她站在旁边,清淡的香气扑进鼻间,他忽然又想起那晚的事脸上登时火辣辣的热,忙侧了侧身子躲开她的目光“我已经约好了岳父,等会我带你出去见他。”
“真的啊?”江意澜开心的咯咯笑起来朝骆玉湛福身行礼“二爷,谢谢。看来以后有事还得多指望您。”
她忽然这么客气,骆玉湛还真有些不适应,不自在的偏过头去,沉默片刻才道“那个事,不要跟别人说。”说完转身挑开帘子出去了。
江意澜愣了下才反应过来,他说的那个事应该是指他生病的事,果然是他故意假装瞒着众人的,不过这个小秘密现在被她发现了,她忽然觉得心头一乐,忽又想起还没问什么时候出去,忙着追出去,院里哪里还有骆玉湛的踪影。
她甩甩袖子,低声嘀咕“跑的还真快,跟兔子似的。
“二爷人还不错吧?我瞧着挺好的。”沈妈妈不知何时神不知鬼不觉的在她身后站着。
听沈妈妈一说,江意澜脸色微红,不好意思的道“妈妈怎么走路也没声卒的,吓我一跳。”
沈妈妈呵呵笑“哪里是我走路没有声音,是你看的太专心了,我刚才看到二爷回东院了,要不奶奶也跟过去看看?”
江意澜急的跺脚回屋,说一句“妈妈,你再取笑我。”
沈妈妈便嗤嗤笑,也挑着帘子跟着进了屋。
江意澜在椅上坐下“妈妈,你怎么过来了?可有什么事?”
沈妈妈看看她“我听说大姑娘要做世子侧妃了,所以过来看看奶奶,茶镜在府里打听这件事呢吧?”
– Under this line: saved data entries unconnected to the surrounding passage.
(* Let $\kappa<0$, $m>0$, and let $L_{\kappa,m}$ be as in the context. Suppose $\delta\in(0,1)$ and $0<\rho_1<\rho_2<\min\{R_{|\kappa|},2m\delta/3\}$. Then with $\beta=\sqrt{1-\delta^2}$ and $A=\sin_\kappa(\rho_2)/\rho_2$, \[\frac{L_{\kappa,m}(\rho_2)}{L_{\kappa,m}(\rho_1)}\ge\frac12\left[\left(\frac{\rho_2}{A\rho_1}\right)^{\beta m}-\left(\frac{\rho_2}{A\rho_1}\right)^{-\beta m}\right].\]
   Context: For $\kappa<0$: $\sin_\kappa(\rho)=\sinh(\sqrt{-\kappa}\rho)/\sqrt{-\kappa}$, $\cos_\kappa=(\sin_\kappa)'$, and $R_{|\kappa|}=\pi/(2\sqrt{|\kappa|})$. $L_{\kappa,m}$ is a solution of \[\sin_\kappa^2(\rho)L''(\rho)+\sin_\kappa(\rho)\cos_\kappa(\rho)L'(\rho)+(\sin_\kappa^2(\rho)-m^2)L(\rho)=0\] that is well defined (regular) at $\rho=0$ and positive on some interval $(0,\varepsilon)$. *)

From Stdlib Require Import Reals.
From Coquelicot Require Import Coquelicot.
Open Scope R_scope.

Definition sin_k (k r : R) : R := sinh (sqrt (- k) * r) / sqrt (- k).
Definition cos_k (k r : R) : R := Derive (sin_k k) r.
Definition R_abs (k : R) : R := PI / (2 * sqrt (Rabs k)).

Definition solves_L_ode (k m : R) (L : R -> R) : Prop :=
  forall r, 0 < r ->
    ex_derive L r /\ ex_derive (Derive L) r /\
    (sin_k k r)^2 * Derive_n L 2 r + sin_k k r * cos_k k r * Derive L r
      + ((sin_k k r)^2 - m^2) * L r = 0.

Definition regular_at_0 (L : R -> R) : Prop :=
  exists l : R, filterlim L (at_right 0) (locally l).

Definition positive_near_0 (L : R -> R) : Prop :=
  exists eps, 0 < eps /\ forall r, 0 < r < eps -> 0 < L r.

Definition is_L_km (k m : R) (L : R -> R) : Prop :=
  solves_L_ode k m L /\ regular_at_0 L /\ positive_near_0 L.

From Stdlib Require Import Reals Lra Classical.
From Coquelicot Require Import Coquelicot.
Open Scope R_scope.

(* Write a := sqrt (-k), b := beta * m and phi r := tanh (a r / 2) ^ b, so that
   sin_k * phi' = b * phi.  The weighted Wronskian W := phi * (sin_k * L' - b * L) satisfies
   W' = phi * L * (m^2 - sin_k^2 - b^2) / sin_k, and m^2 - sin_k^2 - b^2 = (m delta)^2 - sin_k^2
   is nonnegative up to rho2 because sinh t <= 3 t / 2 for t < PI / 2.  If W (r0) < 0 for
   some small r0, then L >= K / phi - c on (0, r0] with K > 0, contradicting the regularity
   of L at 0 since phi -> 0; so W >= 0 there.  A continuity argument then keeps both L > 0
   and W >= 0 up to rho2, hence L / phi, whose derivative is W / (sin_k * phi^2), is
   nondecreasing and L rho2 / L rho1 >= (tanh (a rho2 / 2) / tanh (a rho1 / 2)) ^ b.
   Elementary bounds on tanh show the latter is at least (rho2 / (A rho1)) ^ b, which
   dominates the stated lower bound. *)

Lemma le_of_is_derive_nonneg (f df : R -> R) a b : a <= b ->
  (forall x, a <= x <= b -> is_derive f x (df x)) ->
  (forall x, a < x < b -> 0 <= df x) -> f a <= f b.
Proof.
  intros Hab Hd Hpos. destruct (Req_dec a b) as [<-|Hne]; [lra|].
  destruct (MVT_cor2 f df a b) as [c [Hc Hcab]]; [lra| |].
  - intros x Hx. apply is_derive_Reals, Hd, Hx.
  - specialize (Hpos c Hcab). nra.
Qed.

Lemma cosh_ge_1 x : 1 <= cosh x.
Proof.
  unfold cosh. rewrite exp_Ropp. pose proof (exp_pos x) as He.
  assert (0 <= (exp x - 1) ^ 2 / exp x)
    by (apply Rdiv_le_0_compat; [apply pow2_ge_0 | exact He]).
  replace ((exp x + / exp x) / 2) with (1 + (exp x - 1) ^ 2 / exp x / 2)
    by (field; apply Rgt_not_eq, He).
  lra.
Qed.

Lemma sinh_pos x : 0 < x -> 0 < sinh x.
Proof. intros Hx. rewrite <- sinh_0. now apply sinh_lt. Qed.

Lemma sinh_le_mul_cosh x : 0 <= x -> sinh x <= x * cosh x.
Proof.
  intros Hx.
  enough (0 * cosh 0 - sinh 0 <= x * cosh x - sinh x) by (rewrite sinh_0 in *; lra).
  apply (le_of_is_derive_nonneg (fun y => y * cosh y - sinh y) (fun y => y * sinh y));
    [exact Hx | |].
  - intros y _. unfold cosh, sinh. auto_derive; [easy | field].
  - intros y Hy. pose proof (sinh_pos y). nra.
Qed.

Lemma tanh_le x : 0 <= x -> tanh x <= x.
Proof.
  intros Hx. pose proof (cosh_ge_1 x). unfold tanh.
  apply Rle_div_l; [lra|]. now apply sinh_le_mul_cosh.
Qed.

Lemma le_sinh x : 0 <= x -> x <= sinh x.
Proof.
  intros Hx. enough (sinh 0 - 0 <= sinh x - x) by (rewrite sinh_0 in *; lra).
  apply (le_of_is_derive_nonneg (fun y => sinh y - y) (fun y => cosh y - 1)); [exact Hx | |].
  - intros y _. unfold cosh, sinh. auto_derive; [easy | field].
  - intros y _. pose proof (cosh_ge_1 y). lra.
Qed.

Lemma sinh_div_le u v : 0 < u <= v -> sinh u / u <= sinh v / v.
Proof.
  intros Huv.
  apply (le_of_is_derive_nonneg (fun y => sinh y / y) (fun y => (y * cosh y - sinh y) / y ^ 2));
    [lra | |].
  - intros y Hy. unfold cosh, sinh. auto_derive; [lra | field; lra].
  - intros y Hy. apply Rdiv_le_0_compat; [|nra].
    pose proof (sinh_le_mul_cosh y). lra.
Qed.

Lemma exp_le_pade x : 0 <= x < 2 -> exp x <= (2 + x) / (2 - x).
Proof.
  intros Hx. apply Rle_div_r; [lra|].
  enough ((2 + 0) - (2 - 0) * exp 0 <= (2 + x) - (2 - x) * exp x) by (rewrite exp_0 in *; lra).
  apply (le_of_is_derive_nonneg (fun y => (2 + y) - (2 - y) * exp y)
                                (fun y => 1 - (1 - y) * exp y)); [lra | |].
  - intros y _. auto_derive; [easy | ring].
  - intros y _. pose proof (exp_ineq1_le (- y)) as Hle. pose proof (exp_pos y).
    rewrite exp_Ropp in Hle. apply (Rmult_le_compat_r (exp y)) in Hle; [|lra].
    rewrite Rinv_l in Hle by lra. lra.
Qed.

Lemma PI2_lt_8_5 : PI / 2 < 8 / 5.
Proof.
  destruct (PI_2_3_7_ineq 1) as [_ H].
  simpl in H. unfold tg_alt, PI_2_3_7_tg, Ratan_seq in H. simpl in H. lra.
Qed.

Lemma sinh_8_5_le : sinh (8 / 5) <= 12 / 5.
Proof.
  assert (HE : exp (8 / 5) <= (11 / 9) ^ 8).
  { replace (exp (8 / 5)) with (exp (1 / 5) ^ 8).
    2: { rewrite <- Rpower_pow by apply exp_pos. unfold Rpower. rewrite ln_exp.
         f_equal. simpl. lra. }
    apply pow_incr. pose proof (exp_pos (1 / 5)). pose proof (exp_le_pade (1 / 5)). lra. }
  pose proof (exp_pos (8 / 5)). unfold sinh. rewrite exp_Ropp.
  assert (/ (11 / 9) ^ 8 <= / exp (8 / 5)) by (apply Rinv_le_contravar; lra).
  lra.
Qed.

Lemma sinh_le_3_2_mul x : 0 < x < PI / 2 -> sinh x <= 3 / 2 * x.
Proof.
  intros Hx. pose proof PI2_lt_8_5.
  assert (sinh (8 / 5) / (8 / 5) <= 3 / 2) by (apply Rle_div_l; pose proof sinh_8_5_le; lra).
  assert (sinh x / x <= sinh (8 / 5) / (8 / 5)) by (apply sinh_div_le; lra).
  apply (Rle_div_l (sinh x)); lra.
Qed.

Lemma tanh_pos x : 0 < x -> 0 < tanh x.
Proof.
  intros Hx. apply Rdiv_lt_0_compat; [now apply sinh_pos|]. pose proof (cosh_ge_1 x). lra.
Qed.

Lemma tanh_lt_1 x : tanh x < 1.
Proof.
  pose proof (cosh_ge_1 x). pose proof (exp_pos (- x)).
  unfold tanh. apply (Rdiv_lt_1 (sinh x)); [lra|]. unfold sinh, cosh in *. lra.
Qed.

Lemma sinh_double x : sinh (2 * x) = 2 * sinh x * cosh x.
Proof.
  unfold sinh, cosh. replace (2 * x) with (x + x) by ring.
  rewrite Ropp_plus_distr, !exp_plus. field.
Qed.

Lemma Rpower_div x y c : 0 < x -> 0 < y -> Rpower (x / y) c = Rpower x c / Rpower y c.
Proof.
  intros Hx Hy. unfold Rpower. rewrite ln_div by assumption.
  rewrite Rmult_minus_distr_l. unfold Rminus. now rewrite exp_plus, exp_Ropp.
Qed.

Lemma sin_k_pos k r : k < 0 -> 0 < r -> 0 < sin_k k r.
Proof.
  intros Hk Hr. assert (0 < sqrt (- k)) by (apply sqrt_lt_R0; lra).
  apply Rdiv_lt_0_compat; [apply sinh_pos; nra | assumption].
Qed.

Lemma is_derive_sin_k k r : k < 0 -> is_derive (sin_k k) r (cosh (sqrt (- k) * r)).
Proof.
  intros Hk. assert (0 < sqrt (- k)) by (apply sqrt_lt_R0; lra).
  unfold sin_k, sinh, cosh. auto_derive; [lra | field; lra].
Qed.

Lemma cos_k_eq k r : k < 0 -> cos_k k r = cosh (sqrt (- k) * r).
Proof. intros Hk. apply is_derive_unique, is_derive_sin_k, Hk. Qed.

Lemma sin_k_le k r : k < 0 -> 0 < r < R_abs k -> sin_k k r <= 3 / 2 * r.
Proof.
  intros Hk Hr. set (a := sqrt (- k)). assert (Ha : 0 < a) by (apply sqrt_lt_R0; lra).
  unfold R_abs in Hr. rewrite Rabs_left in Hr by lra. fold a in Hr.
  assert (a * r < PI / 2).
  { destruct Hr as [_ Hr]. apply Rlt_div_r in Hr; lra. }
  unfold sin_k. fold a. apply Rle_div_l; [lra|].
  pose proof (sinh_le_3_2_mul (a * r)). nra.
Qed.

Lemma sqr_add_sqr_sin_k_le k m delta r : k < 0 -> 0 < m -> 0 < delta < 1 ->
  0 < r < R_abs k -> r < 2 * m * delta / 3 ->
  (sqrt (1 - delta ^ 2) * m) ^ 2 + sin_k k r ^ 2 <= m ^ 2.
Proof.
  intros Hk Hm Hd Hr Hrm. pose proof (sin_k_pos k r Hk (proj1 Hr)).
  pose proof (sin_k_le k r Hk Hr).
  rewrite Rpow_mult_distr, pow2_sqrt by nra. nra.
Qed.

Definition tanh_half_pow (k b r : R) : R := Rpower (tanh (sqrt (- k) * r / 2)) b.

Lemma tanh_half_pow_pos k b r : 0 < tanh_half_pow k b r.
Proof. apply exp_pos. Qed.

Lemma tanh_half_pow_le_1 k b r : k < 0 -> 0 <= b -> 0 < r -> tanh_half_pow k b r <= 1.
Proof.
  intros Hk Hb Hr. assert (0 < sqrt (- k)) by (apply sqrt_lt_R0; lra).
  pose proof (tanh_pos (sqrt (- k) * r / 2) ltac:(nra)).
  pose proof (tanh_lt_1 (sqrt (- k) * r / 2)).
  unfold tanh_half_pow. apply (Rle_trans _ (Rpower 1 b)); [apply Rle_Rpower_l; lra|].
  unfold Rpower. rewrite ln_1, Rmult_0_r, exp_0. lra.
Qed.

Lemma is_derive_tanh_half_pow k b r : k < 0 -> 0 < r ->
  is_derive (tanh_half_pow k b) r (b * tanh_half_pow k b r / sin_k k r).
Proof.
  intros Hk Hr. set (a := sqrt (- k)). assert (Ha : 0 < a) by (apply sqrt_lt_R0; lra).
  assert (Ht := tanh_pos (a * r / 2)).
  unfold tanh_half_pow, Rpower, sin_k. fold a. unfold tanh, sinh, cosh in *.
  auto_derive.
  - pose proof (exp_pos (a * r / 2)). pose proof (exp_pos (- (a * r / 2))).
    split; [lra|]. split; [apply Ht; nra | easy].
  - unfold Rminus, Rdiv. set (x := a * r * / 2).
    replace (a * r) with (x + x) by (unfold x; field).
    assert (0 < x) by (unfold x; assert (0 < a * r) by nra; lra).
    assert (1 < exp x) by (rewrite <- exp_0; apply exp_increasing; assumption).
    rewrite Ropp_plus_distr, !exp_plus, !exp_Ropp. set (E := exp x) in *.
    set (P := exp (b * _)). field. assert (1 < E * E) by nra. repeat split; nra.
Qed.

Lemma tanh_half_pow_small k b eta : k < 0 -> 0 < b -> 0 < eta ->
  exists d, 0 < d /\ forall r, 0 < r < d -> tanh_half_pow k b r < eta.
Proof.
  intros Hk Hb Heta. set (a := sqrt (- k)). assert (Ha : 0 < a) by (apply sqrt_lt_R0; lra).
  exists (2 / a * Rpower eta (/ b)). split.
  { apply Rmult_lt_0_compat; [apply Rdiv_lt_0_compat; lra | apply exp_pos]. }
  intros r Hr. assert (0 < a * r) by nra. unfold tanh_half_pow. fold a.
  rewrite <- (Rpower_1 eta) by assumption. replace 1 with (/ b * b) by (field; lra).
  rewrite <- Rpower_mult. apply Rlt_Rpower_l; [assumption|]. split; [apply tanh_pos; lra|].
  apply (Rle_lt_trans _ (a * r / 2)); [apply tanh_le; lra|].
  destruct Hr as [_ Hr]. apply (Rmult_lt_compat_l (a / 2)) in Hr; [|lra].
  replace (a / 2 * (2 / a * Rpower eta (/ b))) with (Rpower eta (/ b)) in Hr by (field; lra).
  lra.
Qed.

Lemma tanh_ratio_ge u v : 0 < u -> 0 < v -> v ^ 2 / (sinh v * cosh v * u) <= tanh v / tanh u.
Proof.
  intros Hu Hv. pose proof (sinh_pos v Hv). pose proof (cosh_ge_1 v).
  pose proof (tanh_pos u Hu). pose proof (tanh_pos v Hv).
  pose proof (tanh_le u (Rlt_le _ _ Hu)). pose proof (le_sinh v (Rlt_le _ _ Hv)).
  assert (0 < sinh v * cosh v * u)
    by (apply Rmult_lt_0_compat; [apply Rmult_lt_0_compat|]; lra).
  apply (Rle_trans _ (tanh v / u)).
  - replace (tanh v / u) with (sinh v ^ 2 / (sinh v * cosh v * u))
      by (unfold tanh; field; lra).
    apply Rmult_le_compat_r; [apply Rlt_le, Rinv_0_lt_compat; lra|]. apply pow_incr; lra.
  - apply Rmult_le_compat_l; [lra|]. apply Rinv_le_contravar; lra.
Qed.

Lemma tanh_half_pow_ratio_ge k b x y : k < 0 -> 0 <= b -> 0 < x -> 0 < y ->
  Rpower (y / (sin_k k y / y * x)) b <= tanh_half_pow k b y / tanh_half_pow k b x.
Proof.
  intros Hk Hb Hx Hy. set (a := sqrt (- k)). assert (Ha : 0 < a) by (apply sqrt_lt_R0; lra).
  set (u := a * x / 2). set (v := a * y / 2).
  assert (Hu : 0 < u) by (unfold u; nra). assert (Hv : 0 < v) by (unfold v; nra).
  pose proof (sinh_pos v Hv). pose proof (cosh_ge_1 v).
  assert (Hxy : y / (sin_k k y / y * x) = v ^ 2 / (sinh v * cosh v * u)).
  { unfold sin_k. fold a. replace (a * y) with (2 * v) by (unfold v; field).
    rewrite sinh_double. unfold u, v in *. field. repeat split; lra. }
  unfold tanh_half_pow. fold a u v. rewrite <- Rpower_div by (apply tanh_pos; assumption).
  apply Rle_Rpower_l; [assumption|]. split.
  - apply Rdiv_lt_0_compat; [assumption|].
    apply Rmult_lt_0_compat; [apply Rdiv_lt_0_compat|]; [apply sin_k_pos| |]; assumption.
  - rewrite Hxy. apply tanh_ratio_ge; assumption.
Qed.

Lemma locally_pos_of_continuous (f : R -> R) z : continuous f z -> 0 < f z ->
  exists d, 0 < d /\ forall y, Rabs (y - z) < d -> 0 < f y.
Proof.
  intros Hc Hz.
  destruct (Hc _ (locally_open _ _ (open_gt 0) (fun _ H => H) _ Hz)) as [d Hd].
  exists d. split; [apply cond_pos | exact Hd].
Qed.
江意澜点点头“我也不知道文江侯府里到底发生了什么事,我只是觉得有些不太正常,大姑娘的脾气你也知道些的。”
沈妈妈嗯了一声,又道“奶奶,您知道边关打仗的事吗?”
江意澜大吃一惊,看着她“边关打仗?哪里?”
沈妈妈面色沉了下去“桂朝的西边边境上在打仗,大平国与边境的几个小国家在打仗,大平国是靠近桂朝的一个小国家。“江意澜哦了一声,随即有些奇怪“妈妈,你怎么知道这些事呢?”
沈妈妈脸上似乎有些不自在“我听出去采买的人回来说的,他们打仗,很有可能会殃及到桂朝,或许桂朝也会参与其中。”
江意澜微微点头“是啊,如果真打起仗来,总要有人去战场的,打仗对于老百姓说是一场灾难,但愿不要波及过来。”
从内心里,她十分抵触打仗,曾经看〖革〗命电影,她每每都会对战争恨得咬牙切齿,现在听说打仗,心里亦是愤恨的,同时心里也多了几分担忧,战争真的会毁掉很多人的幸福。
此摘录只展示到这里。